But I’m glad I won’t go to my grave with my final paid cinematic experience being Terminator: Dark Fate. [Though the two Neanderthals beside us, talking loudly and checking their phones throughout, really make me think we are done with theatres] The Daniels deserve credit for the obvious invention displayed, and this is the kind of original property I’m happy to support, over another sequel and/or shitty comic adaptation. I also must mention the supporting cast, who are uniformly great, particularly Hsu as both aggravated daughter and multiiverse threatening villainess [There’s also a cameo by another eighties Hong Kong action actress, Michiko Nishiwaki. Maybe she’ll get her own movie next?]. That it stars one of the most under-rated actresses in Hollywood, finally getting the opportunity she deserves, is alone reason enough to see this. Just don’t expect too much.

Dir: Dan Kwan, Daniel Scheinert
Star: Michelle Yeoh, Stephanie Hsu, Ke Huy Quan, Jamie Lee Curtis

Resilience and the Lost Gems

★★
“Lost and found”

I certainly admire the aim here; there’s aren’t enough action-heroine films which are aimed at a family audience, especially with a young protagonist. We’ve had The Golden Compass, Enola Holmes and Abigail, but they are pretty rare. This is a considerably lower-budget entry than those, though make no mistake, it still certainly qualifies here. Its 11-year-old heroine, Resilience O’Neil (Finn) – known for obvious reasons as Rizzie – has no apparent fear, whizzing around the Utah desert on her mini-bike, until a flash flood separates her from her parents and younger brother. She then has to survive on her own, fending off wolves, haboobs and a pair of predatory creeps, while making her way back to civilization to get help for her family.

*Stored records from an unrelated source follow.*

(* Let $\mathcal C$ have a right duality, let $(A,m,\eta,\Delta,\epsilon)$ be a Frobenius algebra in $\mathcal C$ with an $A$-swap $(\tilde c_X)_X$, and assume $A$ is swap-commutative. Then the morphism $\Phi:=(\epsilon\otimes\mathrm{id}_{A^\vee})\circ(m\otimes\mathrm{id}_{A^\vee})\circ(\mathrm{id}_A\otimes b_A)$ lies in $\mathrm{Hom}_A(A,A^\vee)$, where $A=(A,m)$ and $A^\vee$ is the dual module of $A$, and $\Phi$ is an isomorphism of $A$-modules. Thus $A$ is self-dual as an $A$-module.
   Context: Throughout, $\mathcal C$ is a strict tensor (monoidal) category with tensor unit $I$ which is abelian and whose tensor product of morphisms is $k$-additive in each factor, where $k:=\mathrm{Hom}(I,I)$ is the (commutative) ground ring. An algebra in $\mathcal C$ is a triple $(A,m,\eta)$ with $A$ an object, $m\in\mathrm{Hom}(A\otimes A,A)$, $\eta\in\mathrm{Hom}(I,A)$, such that $m\circ(\mathrm{id}_A\otimes m)=m\circ(m\otimes\mathrm{id}_A)$ and $m\circ(\mathrm{id}_A\otimes\eta)=\mathrm{id}_A=m\circ(\eta\otimes\mathrm{id}_A)$. A coalgebra is a triple $(A,\Delta,\epsilon)$ with $\Delta\in\mathrm{Hom}(A,A\otimes A)$, $\epsilon\in\mathrm{Hom}(A,I)$, $(\Delta\otimes\mathrm{id}_A)\circ\Delta=(\mathrm{id}_A\otimes\Delta)\circ\Delta$ and $(\mathrm{id}_A\otimes\epsilon)\circ\Delta=\mathrm{id}_A=(\epsilon\otimes\mathrm{id}_A)\circ\Delta$. A Frobenius algebra is a quintuple $(A,m,\eta,\Delta,\epsilon)$ such that $(A,m,\eta)$ is an algebra, $(A,\Delta,\epsilon)$ a coalgebra, and $(\mathrm{id}_A\otimes m)\circ(\Delta\otimes\mathrm{id}_A)=\Delta\circ m=(m\otimes\mathrm{id}_A)\circ(\mathrm{id}_A\otimes\Delta)$. A (left) $A$-module is a pair $M=(\dot M,\rho_M)$ with $\rho_M\in\mathrm{Hom}(A\otimes\dot M,\dot M)$, $\rho_M\circ(m\otimes\mathrm{id}_{\dot M})=\rho_M\circ(\mathrm{id}_A\otimes\rho_M)$, $\rho_M\circ(\eta\otimes\mathrm{id}_{\dot M})=\mathrm{id}_{\dot M}$; $\mathrm{Hom}_A(M,N):=\{f\in\mathrm{Hom}(\dot M,\dot N)\mid f\circ\rho_M=\rho_N\circ(\mathrm{id}_A\otimes f)\}$. A right duality assigns to each object $X$ an object $X^\vee$ and morphisms $b_X\in\mathrm{Hom}(I,X\otimes X^\vee)$, $d_X\in\mathrm{Hom}(X^\vee\otimes X,I)$ with $(\mathrm{id}_X\otimes d_X)\circ(b_X\otimes\mathrm{id}_X)=\mathrm{id}_X$ and $(d_X\otimes\mathrm{id}_{X^\vee})\circ(\mathrm{id}_{X^\vee}\otimes b_X)=\mathrm{id}_{X^\vee}$. An $A$-swap is a family of isomorphisms $\tilde c_X\in\mathrm{Hom}(X\otimes A,A\otimes X)$, one for each object $X$, such that for all objects $X,Y$: $(m\otimes\mathrm{id}_X)\circ(\mathrm{id}_A\otimes\tilde c_X)\circ(\tilde c_X\otimes\mathrm{id}_A)=\tilde c_X\circ(\mathrm{id}_X\otimes m)$, $\tilde c_X\circ(\mathrm{id}_X\otimes\eta)=\eta\otimes\mathrm{id}_X$, $\tilde c_{X\otimes Y}=(\tilde c_X\otimes\mathrm{id}_Y)\circ(\mathrm{id}_X\otimes\tilde c_Y)$, and $\tilde c_Y\circ(f\otimes g)=(g\otimes f)\circ\tilde c_X$ for all $f\in\mathrm{Hom}(X,Y)$, $g\in\mathrm{Hom}(A,A)$. The algebra $A$ is swap-commutative if $m\circ\tilde c_A=m$. Dual module: for a left $A$-module $M$, $M^\vee:=(\dot M^\vee,\rho_M^\wedge)$ with $\rho_M^\wedge:=(d_{\dot M}\otimes\mathrm{id}_{\dot M^\vee})\circ(\mathrm{id}_{\dot M^\vee}\otimes\rho_M\otimes\mathrm{id}_{\dot M^\vee})\circ((\tilde c_{\dot M^\vee})^{-1}\otimes b_{\dot M})\in\mathrm{Hom}(A\otimes\dot M^\vee,\dot M^\vee)$; this is a left $A$-module. *)

From HB Require Import structures.
From mathcomp Require Import all_boot all_algebra.
Set Implicit Arguments. Unset Strict Implicit. Unset Printing Implicit Defensive.
Import GRing.Theory.
Local Open Scope ring_scope.

Record stcat := STCat {
  Ob :> Type;
  HomC : Ob -> Ob -> zmodType;
  compm : forall X Y Z : Ob, HomC Y Z -> HomC X Y -> HomC X Z;
  idm : forall X : Ob, HomC X X;
  tens : Ob -> Ob -> Ob;
  tensm : forall X X' Y Y' : Ob, HomC X X' -> HomC Y Y' -> HomC (tens X Y) (tens X' Y');
  tunit : Ob;
  tensA : forall X Y Z : Ob, tens (tens X Y) Z = tens X (tens Y Z);
  tens1l : forall X : Ob, tens tunit X = X;
  tens1r : forall X : Ob, tens X tunit = X
}.
Arguments HomC : clear implicits.
Arguments compm {s X Y Z}.
Arguments idm {s}.
Arguments tens {s}.
Arguments tensm {s X X' Y Y'}.
Arguments tunit {s}.
Arguments tensA {s}.
Arguments tens1l {s}.
Arguments tens1r {s}.

Declare Scope cat_scope.
Delimit Scope cat_scope with cat.
Notation "g ∘ f" := (compm g f) (at level 40, left associativity) : cat_scope.
Notation "f ⊗ g" := (tensm f g) (at level 35, no associativity) : cat_scope.
Local Open Scope cat_scope.

(* The identity morphism transported along an equality of objects: this is how
   the (identity) strictness isomorphisms X⊗(Y⊗Z) = (X⊗Y)⊗Z etc. are written. *)
Definition eqHom (C : stcat) (X Y : Ob C) (e : X = Y) : HomC C X Y :=
  match e in _ = Y' return HomC C X Y' with erefl => idm X end.
Arguments eqHom {C X Y}.

Definition is_stcat (C : stcat) : Prop :=
  [/\ (forall (X Y Z W : C) (h : HomC C Z W) (g : HomC C Y Z) (f : HomC C X Y),
        h ∘ (g ∘ f) = (h ∘ g) ∘ f)
    /\ (forall (X Y : C) (f : HomC C X Y), idm Y ∘ f = f /\ f ∘ idm X = f),
      (forall (X Y Z X' Y' Z' : C) (f : HomC C X Y) (g : HomC C Y Z)
              (f' : HomC C X' Y') (g' : HomC C Y' Z'),
        (g ∘ f) ⊗ (g' ∘ f') = (g ⊗ g') ∘ (f ⊗ f')),
      (forall X Y : C, idm X ⊗ idm Y = idm (tens X Y)),
      (forall (X X' Y Y' Z Z' : C) (f : HomC C X X') (g : HomC C Y Y') (h : HomC C Z Z'),
        eqHom (tensA X' Y' Z') ∘ ((f ⊗ g) ⊗ h) = (f ⊗ (g ⊗ h)) ∘ eqHom (tensA X Y Z))
    & (forall (X Y : C) (f : HomC C X Y),
        eqHom (tens1l Y) ∘ (idm tunit ⊗ f) = f ∘ eqHom (tens1l X)
        /\ eqHom (tens1r Y) ∘ (f ⊗ idm tunit) = f ∘ eqHom (tens1r X))
      /\
      (forall (X Y Z : C) (f f' : HomC C Y Z) (g g' : HomC C X Y),
        (f + f') ∘ g = f ∘ g + f' ∘ g /\ f ∘ (g + g') = f ∘ g + f ∘ g')
      /\ (forall (X Y X' Y' : C) (f f' : HomC C X X') (g g' : HomC C Y Y'),
        (f + f') ⊗ g = f ⊗ g + f' ⊗ g /\ f ⊗ (g + g') = f ⊗ g + f ⊗ g')].

Definition is_mono (C : stcat) (X Y : C) (f : HomC C X Y) : Prop :=
  forall (W : C) (g h : HomC C W X), f ∘ g = f ∘ h -> g = h.
Definition is_epi (C : stcat) (X Y : C) (f : HomC C X Y) : Prop :=
  forall (W : C) (g h : HomC C Y W), g ∘ f = h ∘ f -> g = h.

Definition is_kernel (C : stcat) (X Y K : C) (f : HomC C X Y) (k : HomC C K X) : Prop :=
  f ∘ k = 0 /\
  forall (W : C) (g : HomC C W X), f ∘ g = 0 ->
    exists u : HomC C W K, k ∘ u = g /\ forall u' : HomC C W K, k ∘ u' = g -> u' = u.

Definition is_cokernel (C : stcat) (X Y Q : C) (f : HomC C X Y) (q : HomC C Y Q) : Prop :=
  q ∘ f = 0 /\
  forall (W : C) (g : HomC C Y W), g ∘ f = 0 ->
    exists u : HomC C Q W, u ∘ q = g /\ forall u' : HomC C Q W, u' ∘ q = g -> u' = u.

Definition is_abelian (C : stcat) : Prop :=
  [/\ (exists Z : C, forall X : C,
         (forall f g : HomC C Z X, f = g) /\ (forall f g : HomC C X Z, f = g)),
      (forall X1 X2 : C, exists (P : C) (i1 : HomC C X1 P) (i2 : HomC C X2 P)
                                (p1 : HomC C P X1) (p2 : HomC C P X2),
         [/\ p1 ∘ i1 = idm X1, p2 ∘ i2 = idm X2, p1 ∘ i2 = 0, p2 ∘ i1 = 0
           & i1 ∘ p1 + i2 ∘ p2 = idm P]),
      (forall (X Y : C) (f : HomC C X Y), exists (K : C) (k : HomC C K X), is_kernel f k)
    & (forall (X Y : C) (f : HomC C X Y), exists (Q : C) (q : HomC C Y Q), is_cokernel f q)
      /\
      (forall (X Y : C) (f : HomC C X Y), is_mono f ->
         exists (Z : C) (g : HomC C Y Z), is_kernel g f)
      /\ (forall (X Y : C) (f : HomC C X Y), is_epi f ->
         exists (Z : C) (g : HomC C Z X), is_cokernel g f)].

Definition kscale (C : stcat) (X Y : C) (lam : HomC C tunit tunit) (f : HomC C X Y) : HomC C X Y :=
  eqHom (tens1l Y) ∘ (lam ⊗ f) ∘ eqHom (esym (tens1l X)).

Definition tensor_k_additive (C : stcat) : Prop :=
  forall (X X' Y Y' : C) (lam : HomC C tunit tunit) (f : HomC C X X') (g : HomC C Y Y'),
    kscale lam f ⊗ g = kscale lam (f ⊗ g) /\ f ⊗ kscale lam g = kscale lam (f ⊗ g).

Record rduality (C : stcat) := RDuality {
  dualo : C -> C;
  coev : forall X : C, HomC C tunit (tens X (dualo X));
  ev : forall X : C, HomC C (tens (dualo X) X) tunit
}.
Arguments dualo {C}.
Arguments coev {C}.
Arguments ev {C}.

Definition is_rduality (C : stcat) (D : rduality C) : Prop :=
  forall X : C,
    eqHom (tens1r X) ∘ (idm X ⊗ ev D X) ∘ eqHom (tensA X (dualo D X) X)
      ∘ (coev D X ⊗ idm X) ∘ eqHom (esym (tens1l X)) = idm X
    /\
    eqHom (tens1l (dualo D X)) ∘ (ev D X ⊗ idm (dualo D X))
      ∘ eqHom (esym (tensA (dualo D X) X (dualo D X)))
      ∘ (idm (dualo D X) ⊗ coev D X) ∘ eqHom (esym (tens1r (dualo D X)))
      = idm (dualo D X).

Definition is_algebra (C : stcat) (A : C) (m : HomC C (tens A A) A) (eta : HomC C tunit A) : Prop :=
  [/\ m ∘ (idm A ⊗ m) ∘ eqHom (tensA A A A) = m ∘ (m ⊗ idm A),
      m ∘ (idm A ⊗ eta) ∘ eqHom (esym (tens1r A)) = idm A
    & m ∘ (eta ⊗ idm A) ∘ eqHom (esym (tens1l A)) = idm A].

Definition is_coalgebra (C : stcat) (A : C) (Delta : HomC C A (tens A A)) (eps : HomC C A tunit) : Prop :=
  [/\ eqHom (tensA A A A) ∘ (Delta ⊗ idm A) ∘ Delta = (idm A ⊗ Delta) ∘ Delta,
      eqHom (tens1r A) ∘ (idm A ⊗ eps) ∘ Delta = idm A
    & eqHom (tens1l A) ∘ (eps ⊗ idm A) ∘ Delta = idm A].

What’s weird is, the titular gems are all but irrelevant. In the opening twenty minutes, there’s a lot of talk about them, and their loss 150 or so years ago. But apres le deluge, they are almost entirely forgotten, and what we have instead is a straightforward wilderness survival story. To be honest, this is a considerable improvement over the thoroughly unconvincing historical re-enactments in the beginning, complete with sepia tinting and fake film scratches. The flood is staged surprisingly well, to the point I was convinced everyone concerned was sure to be dead. Finn seems to do a lot of her own stunts too, and not just on the bike. There’s a sequence of her clambering down a rockface which had me looking up the number for Child Protective Services. Decent dronework and the pleasant Utah scenery also stopped me from turning this off entirely.

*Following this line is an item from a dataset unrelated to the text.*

(* Let $n\ge1$ and $P=2\lceil\log_2 n+\log_2\log_2 n\rceil+1$. Let $a_0\in[0,2]$, $a_1\in[0,P-1]$, and $\mathcal{C}'_{2,3,P}=\{\boldsymbol{z}\in\Sigma_2^n:\mathrm{VT}^{(0)}(\boldsymbol{z})\equiv a_0\pmod3,\ \mathrm{VT}^{(1)}(\boldsymbol{z})\equiv a_1\pmod P\}$. Then the code $$\mathcal{C}=\{\boldsymbol{x}\in\mathcal{ALL}(n,\tfrac{P-1}{2}):\ \mathbf{1}(\boldsymbol{x})\in\mathcal{C}'_{2,3,P}\}\subseteq\Sigma_2^n$$ is a $2$-read $(n,4)_2$-code. Moreover, there exists a choice of $a_0,a_1$ such that $r(\mathcal{C})\le\log_2\log_2n+\log_26+o(1)$ as $n\to\infty$.
   Context: $\Sigma_2=\{0,1\}$. For $\boldsymbol{x}\in\Sigma_2^n$, $x[i]$ is its $i$-th entry, with $x[i]=0$ for $i\notin[1,n]$. $\mathrm{VT}^{(k)}(\boldsymbol{z})=\sum_{i=1}^n i^kz[i]$. The indicator sequence $\mathbf{1}(\boldsymbol{x})$ has entries $\mathbf{1}(\boldsymbol{x})[i]=x[i]+x[i-1]\bmod 2$, $i\in[1,n]$. A sequence is alternating if it has the form $abab\cdots$ with $a\ne b$; $\mathcal{ALL}(n,L)$ is the set of $\boldsymbol{x}\in\Sigma_2^n$ all of whose alternating substrings (contiguous blocks) have length at most $L$. $\mathcal{R}(\boldsymbol{x})$ is the length-$(n+1)$ vector whose $i$-th entry is the multiset $\{\{x[i-1],x[i]\}\}$; $\mathcal{C}$ is a $2$-read $(n,d)_2$-code if $d_H(\mathcal{R}(\boldsymbol{x}),\mathcal{R}(\boldsymbol{y}))\ge d$ for distinct $\boldsymbol{x},\boldsymbol{y}\in\mathcal{C}$. Redundancy: $r(\mathcal{C})=n-\log_2|\mathcal{C}|$. *)

From Stdlib Require Import Reals.
From mathcomp Require Import all_boot all_order all_algebra.
From mathcomp Require Import Rstruct.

For much, much worse are both the script and the performances. There’s hardly a line here which doesn’t seem forced and/or unnatural, and as noted above, the lost treasure thread is set up at painful length, before being abandoned for an hour. Then there’s the stuffed chicken carried around by one of the villains, who in addition are so incompetent as to pose no credible threat at all. I will give Kiara a pass; it’s her debut, and few actresses her age would be able adequately to put over the emotions necessary here, after the apparent loss of her family. [Natalie Portman in Leon remains the gold standard]

However, none of the adults are any better, either engaging in wild over-acting or resorting to a dull monotone when delivering their dialogue. It doesn’t help that there are issues with some of the audio, which varies wildly in quality, and is occasionally indecipherable. As a result, you’ll find yourself gritting your teeth just about every time anyone opens their mouth. This is probably the first time I’ve felt that a movie would have been better off, filmed as a throwback to the silent era – just pit Rizzie against the natural world, without chit-chat. I admit it would have been considerably more challenging as a project. Yet even if unsuccessful, I think I’d have preferred that approach.

Dir: Brian Finn
Star: Kiara Finn, Don Shanks, Adam Johnson, Gisi Hong
a.k.a. Resilience and the Last Spike

Omega1

★½
“Motion without emotion. “

It probably didn’t help that I watched this the same day as I finished off the slick, well-animated and occasionally downright beautiful Arcane. This is… not any of those. Well, that’s a bit unfair. The artwork in this “motion comic” is actually not bad (the cover, right, is certainly striking, if not exactly representative!). But being taken off the printed page diminishes the impact considerably, especially when combined with some genuinely terrible voice acting. The setting here is… let’s be honest, it’s Johnny Mnemonic, a good cyberpunk novel by William Gibson that became a not-so-good Keanu Reeves movie. In both worlds, data is now transferred in the heads of human couriers, this being deemed safer than online methods which are vulnerable to hackers. Megan is one such courier, capable of defending her cargo with extreme prejudice.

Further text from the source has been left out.